El cuervo, para demostrarle a la zorra que no le faltaba la voz, soltó la carne para lanzar con orgullo fuertes gritos.
La zorra, sin perder tiempo, rápidamente cogió la carne y le dijo:
—Amigo cuervo, si además de vanidad tuvieras entendimiento, nada más te faltaría realmente para ser el rey de las aves.

MORALEJA:
Cuando te adulen, es cuando con más razón debes cuidar de tus bienes.


LAS ZORRAS, LAS ÁGUILAS Y LAS LIEBRES

Cierto día las águilas se declararon en guerra contra las liebres.
Fueron entonces éstas a pedirle ayuda a las zorras. Pero ellas les contestaron:
—Las hubiéramos ayudado si no supiéramos quienes son ustedes y si tampoco supiéramos contra quienes luchan.

MORALEJA:
Antes de decidir unirte a una campaña, mide primero la capacidad de los posibles adversarios.


LA ZORRA Y LA LIEBRE

Dijo un día una liebre a una zorra:
—¿Podrías decirme si realmente es cierto que tienes muchas ganancias, y por qué te llaman la "ganadora"?
—Si quieres saberlo —contestó la zorra—, te invito a cenar conmigo.
Aceptó la liebre y la siguió; pero al llegar a casa de doña zorra vio que no había más cena que la misma liebre.
Entonces dijo la liebre:
—¡Al fin comprendo para mi desgracia de donde viene tu nombre: no es de tus trabajos, sino de tus engaños!

MORALEJA:
Nunca le pidas lecciones a los tramposos, pues tú mismo serás el tema de la lección.

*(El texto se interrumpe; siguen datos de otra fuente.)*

Lemma Y_deg (w : seq 'I_N) j :
  {in msupp (Y w j), forall m, deg m <= (size w).-1}%N.
Proof.
rewrite /Y; case: insubP => [g _ eq_g m|].
  by rewrite /mon msuppU1 inE => /eqP ->; rewrite deg_fmu eq_g.
case: w => [|a [|b w]] //= _ m; first by rewrite msupp0.
rewrite -mpolyC_nat => /(fsubsetP (msuppC_le _)); rewrite inE => /eqP ->.
by rewrite /deg fm1 big_nil.
Qed.

Lemma Yprod_singletons (u v : seq 'I_N) : size v = size u ->
  Yprod (map (fun a => [:: a]) u) v = (v == u)%:R.
Proof.
elim: u v => [|a u IHu] [|j v] //; first by rewrite /Yprod big_nil.
move=> [/IHu eq_v]; rewrite /Yprod big_cons -/(Yprod _ _) eq_v eqseq_cons.
by rewrite /Y insubF //=; case: (j == a); case: (v == u); rewrite ?mul1r ?mul0r.
Qed.

Lemma DeltaY_part_singletons g :
  DeltaY_part (val g).1 (map (fun a => [:: a]) (val g).2) (size (val g).2) =
  << (mone, fmu g) : fm2 G >>.
Proof.
rewrite /DeltaY_part (bigD1 (in_tuple (val g).2)) // big1 => [|v /eqP ne_v].
  by rewrite /= addr0 Yprod_singletons ?size_tuple // eqxx mulr1n Y_gen tensU.
rewrite Yprod_singletons ?size_tuple //; case: eqP => [eq_v|_].
  by case: ne_v; apply: val_inj.
by rewrite mulr0n tens0l.
Qed.

Lemma DeltaY_lead g : exists2 R, rdeg_lt (deg (fmu g)) R &
  DeltaY (val g).2 (val g).1 = << (mone, fmu g) : fm2 G >> + R.
Proof.
pose C0 := map (fun a => [:: a]) (val g).2.
exists (\sum_(C <- blocks (val g).2 | C != C0) DeltaY_part (val g).1 C (size C)).
  rewrite big_seq_cond; apply: rdeg_lt_sum => C /andP[C_u ne_C].
  apply: rdeg_lt_sum => v _; apply: rdeg_lt_tens => m /Y_deg.
  have := size_blocks_lt C_u ne_C; have := valP g.
  rewrite size_tuple deg_fmu; move: (size C) (size (val g).2) (deg m) => c n d.
  lia.
rewrite DeltaYE (bigD1_seq C0 (singletons_blocks _) (uniq_blocks _)).
by rewrite size_map DeltaY_part_singletons.
Qed.

Lemma Delta_lead m : exists2 R, rdeg_lt (deg m) R &
  Delta << m >> = << (mone, m) : fm2 G >> + R.
Proof.
case: m => r; rewrite DeltaU /=; elim: r => [|g r [R lt_R eq_r]].
  exists 0; first exact: rdeg_lt0.
  have -> : FMonom [::] = mone :> M by apply: val_inj; rewrite /= fm1.
  by rewrite big_nil addr0.
have [Rg lt_Rg eq_g] := DeltaY_lead g.
have deg_gr : deg (FMonom (g :: r)) = (deg (fmu g) + deg (FMonom r))%N.
  by rewrite deg_fmu /deg big_cons.
have mul_gr : mmul ((mone, fmu g) : fm2 G) (mone, FMonom r) = (mone, FMonom (g :: r)).
  by congr pair; [exact: mul1m | apply: val_inj; rewrite /= fmM fmU].
have lead_gr : << (mone, fmu g) : fm2 G >> * << (mone, FMonom r) : fm2 G >> =
    << (mone, FMonom (g :: r)) : fm2 G >> :> H2 by rewrite malgUM mul_gr.
exists (<< (mone, fmu g) : fm2 G >> * R + Rg * (<< (mone, FMonom r) : fm2 G >> + R)).
  rewrite deg_gr; apply: rdeg_ltD.
    apply: (@rdeg_ltW ((deg (fmu g)).+1 + deg (FMonom r)).-1); first by rewrite addSn.
    by apply: rdeg_ltM lt_R; apply: rdeg_ltU; apply: ltnSn.
  apply: (@rdeg_ltW (deg (fmu g) + (deg (FMonom r)).+1).-1); first by rewrite addnS.
  apply: rdeg_ltM lt_Rg _; apply: rdeg_ltD; last exact: rdeg_ltW lt_R.
  by apply: rdeg_ltU; apply: ltnSn.
by rewrite big_cons eq_g eq_r mulrDl mulrDr lead_gr -addrA.
Qed.

Definition conv_cop (S : H -> H) t : H := mult (tmap S id (flip t)).

Lemma conv_cop_is_linear S : linear (conv_cop S).
Proof.
by move=> a s t; rewrite /conv_cop flip_is_linear tmap_is_linear mult_is_linear.
Qed.

HB.instance Definition _ S :=
  GRing.isLinear.Build algC H2 H *:%R (conv_cop S) (conv_cop_is_linear S).

Lemma conv_copE S t : conv_cop S t = malg_lift (fun p => S << p.2 >> * << p.1 >>) t.
Proof.
move: t; apply: linear_malg_ext => [||p]; first exact: conv_cop_is_linear.
  exact: malg_lift_is_linear.
by rewrite malg_lift1 /conv_cop flipU tmapU mult_tens.
Qed.

Lemma conv_cop_lowdeg S T d t : rdeg_lt d t ->
  (forall m, deg m < d -> S << m >> = T << m >>)%N -> conv_cop S t = conv_cop T t.
Proof.
move=> lt_t eq_ST; rewrite (conv_copE S) conv_copE.
by apply: eq_big_seq => p /lt_t /eq_ST ->.
Qed.

Lemma conv_cop_unique S T :
  (forall m, conv_cop S (Delta << m >>) = (eps << m >>)%:MP) ->
  (forall m, conv_cop T (Delta << m >>) = (eps << m >>)%:MP) ->
  forall m, S << m >> = T << m >>.
Proof.
move=> hS hT m; elim: {m}(deg m).+1 {-2}m (ltnSn (deg m)) => // n IHn m lt_mn.
have [R lt_R eq_D] := Delta_lead m.
have conv_cop_lead U : conv_cop U (Delta << m >>) = U << m >> + conv_cop U R.
  rewrite eq_D linearD /=; congr (_ + _).
  by rewrite conv_copE malg_lift1 /= mulr1.
apply: (addIr (conv_cop S R)); rewrite -conv_cop_lead hS.
rewrite (conv_cop_lowdeg (T := T) lt_R) => [|k lt_k]; last by apply: IHn; lia.
by rewrite -conv_cop_lead hT.
Qed.

Lemma conv_cop_santi2 S t :
  conv_cop (fun x => santi (S (santi x))) (santi2 t) = santi (mult (tmap id S t)).
Proof.
move: t; apply: linear_malg_ext => [a s t|a s t|p].
- by rewrite tmap_is_linear conv_cop_is_linear.
- by rewrite tmap_is_linear mult_is_linear santi_is_linear.
rewrite santi2U conv_copE malg_lift1 /= santiU mstarK.
by rewrite tmapU mult_tens santiM santiU.
Qed.

Lemma antipode_cop_santi (SH SL : H -> H) :
  is_antipode (@Delta N) SH -> is_antipode (@Delta_cop N) SL ->
  forall x, SL x = santi (SH (santi x)).
Proof.
move=> [SH_lin [_ SH_right]] [SL_lin [SL_left _]].
have T_lin : linear (fun x => santi (SH (santi x))).
  by move=> a x y; rewrite santi_is_linear SH_lin santi_is_linear.
apply: (linear_malg_ext SL_lin T_lin) => m.
apply: (conv_cop_unique (T := fun x => santi (SH (santi x)))) => {}m.
  exact: SL_left.
by rewrite Delta_santi conv_cop_santi2 SH_right santiC eps_santiU.
Qed.

End LeftAntipode.

Theorem lemma5 (N : nat) (hN : (0 < N)%N) :
  (forall t : H2alg N,
      mult_op t = santi (mult (tmap (@santi N) (@santi N) t))) /\
  (forall x : Halg N,
      Delta x = tmap (@santi N) (@santi N) (Delta (santi x))) /\
  (forall SH SL : Halg N -> Halg N,
      is_antipode (@Delta N) SH ->
      is_antipode (@Delta_cop N) SL ->
      forall x : Halg N, SL x = santi (SH (santi x))).
Proof.
split; first exact: mult_op_santi.
split; first exact: Delta_santi.
exact: antipode_cop_santi.
Qed.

LA ZORRA, EL OSO Y EL LEÓN

Un león y un oso encontraron al mismo tiempo a un cervatillo, entonces se retaron en combate a ver cuál de los dos se quedaba con la presa.
Una zorra que por allí pasaba, viéndolos extenuados por la lucha y con el cervatillo al medio, se apoderó de éste y corrió pasando tranquilamente entre ellos.
Y tanto el oso como el león, agotados y sin fuerzas para levantarse, murmuraron:
—¡Desdichados nosotros! ¡Tanto esfuerzo y tanta lucha hicimos para que todo quedara para la zorra!

MORALEJA:
Por empeñarnos en no querer compartir, podemos perderlo todo.


LA ZORRA Y EL LEÓN ANCIANO

Un anciano león, incapaz ya de obtener por su propia fuerza la comida, decidió hacerlo usando la astucia. Para ello se dirigió a una cueva y se tendió en el suelo, gimiendo y fingiendo que estaba enfermo. De este modo, cuando los otros animales pasaban para visitarle, los atrapaba inmediatamente para su comida.
Habían llegado y perecido ya bastantes animales, cuando la zorra, adivinando cuál era su ardid, se presentó también, y deteniéndose a prudente distancia de la caverna, preguntó al león cómo le iba con su salud.
—Claro que hubiera entrado —le dijo la zorra— si no viera que todas las huellas entran, pero no hay ninguna que salga.

MORALEJA:
Siempre advierte a tiempo los indicios del peligro y así evitarás que te dañe.